All entries below must be given again exactly as they stand.

[[ Data to process open ]]

(* Let $G\subset\mathbb{R}^2$ be an open set with $0\in G$, let $c>0$, and let $F:G\to\mathbb{R}^2$ be a locally DC mapping such that $F(0)=0$ and $F'_+(0,(1,0))=(c,0)$. Let $S\subset G$ be an (s)-set. Then there exist $a>0$ and $b>0$ such that $$S^*\coloneqq F\big(S\cap((-\infty,a]\times\mathbb{R})\big)\cap((-\infty,b]\times\mathbb{R})$$ is an (s)-set.
   Context: A function on an open convex set is DC if it is the difference of two convex functions; a mapping is DC if all its components are DC; a mapping on an open set $G$ is locally DC if each point of $G$ has a convex open neighbourhood on which it is DC. $F'_+(x,v)=\lim_{t\to0+}(F(x+tv)-F(x))/t$ is the one-sided directional derivative. A function defined on a nonempty set $D\subset\mathbb{R}$ is DCR if it is the restriction of a DC function defined on $\mathbb{R}$. A nonempty closed set $S\subset\mathbb{R}^2$ is an (s)-set if there exists $r>0$ such that (a) $S\subset\bigcup_{i=1}^k\operatorname{graph} f_i$ for some DCR functions $f_i:[0,r]\to\mathbb{R}$ with $f_i(0)=(f_i)'_+(0)=0$, and (b) $S=\bigcup_{h\in H}\operatorname{graph} h$ for some family $H$ of continuous functions on $[0,r]$. *)

From Stdlib Require Import Reals.
From Coquelicot Require Import Coquelicot.
Open Scope R_scope.

Definition pt2 := (R * R)%type.

Definition comb2 (l : R) (p q : pt2) : pt2 :=
  (l * fst p + (1 - l) * fst q, l * snd p + (1 - l) * snd q).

[[ Data to process closed ]]

### Result of this exercise:
(* Let $G\subset\mathbb{R}^2$ be an open set with $0\in G$, let $c>0$, and let $F:G\to\mathbb{R}^2$ be a locally DC mapping such that $F(0)=0$ and $F'_+(0,(1,0))=(c,0)$. Let $S\subset G$ be an (s)-set. Then there exist $a>0$ and $b>0$ such that $$S^*\coloneqq F\big(S\cap((-\infty,a]\times\mathbb{R})\big)\cap((-\infty,b]\times\mathbb{R})$$ is an (s)-set.
   Context: A function on an open convex set is DC if it is the difference of two convex functions; a mapping is DC if all its components are DC; a mapping on an open set $G$ is locally DC if each point of $G$ has a convex open neighbourhood on which it is DC. $F'_+(x,v)=\lim_{t\to0+}(F(x+tv)-F(x))/t$ is the one-sided directional derivative. A function defined on a nonempty set $D\subset\mathbb{R}$ is DCR if it is the restriction of a DC function defined on $\mathbb{R}$. A nonempty closed set $S\subset\mathbb{R}^2$ is an (s)-set if there exists $r>0$ such that (a) $S\subset\bigcup_{i=1}^k\operatorname{graph} f_i$ for some DCR functions $f_i:[0,r]\to\mathbb{R}$ with $f_i(0)=(f_i)'_+(0)=0$, and (b) $S=\bigcup_{h\in H}\operatorname{graph} h$ for some family $H$ of continuous functions on $[0,r]$. *)

From Stdlib Require Import Reals.
From Coquelicot Require Import Coquelicot.
Open Scope R_scope.

Definition pt2 := (R * R)%type.

Definition comb2 (l : R) (p q : pt2) : pt2 :=
  (l * fst p + (1 - l) * fst q, l * snd p + (1 - l) * snd q).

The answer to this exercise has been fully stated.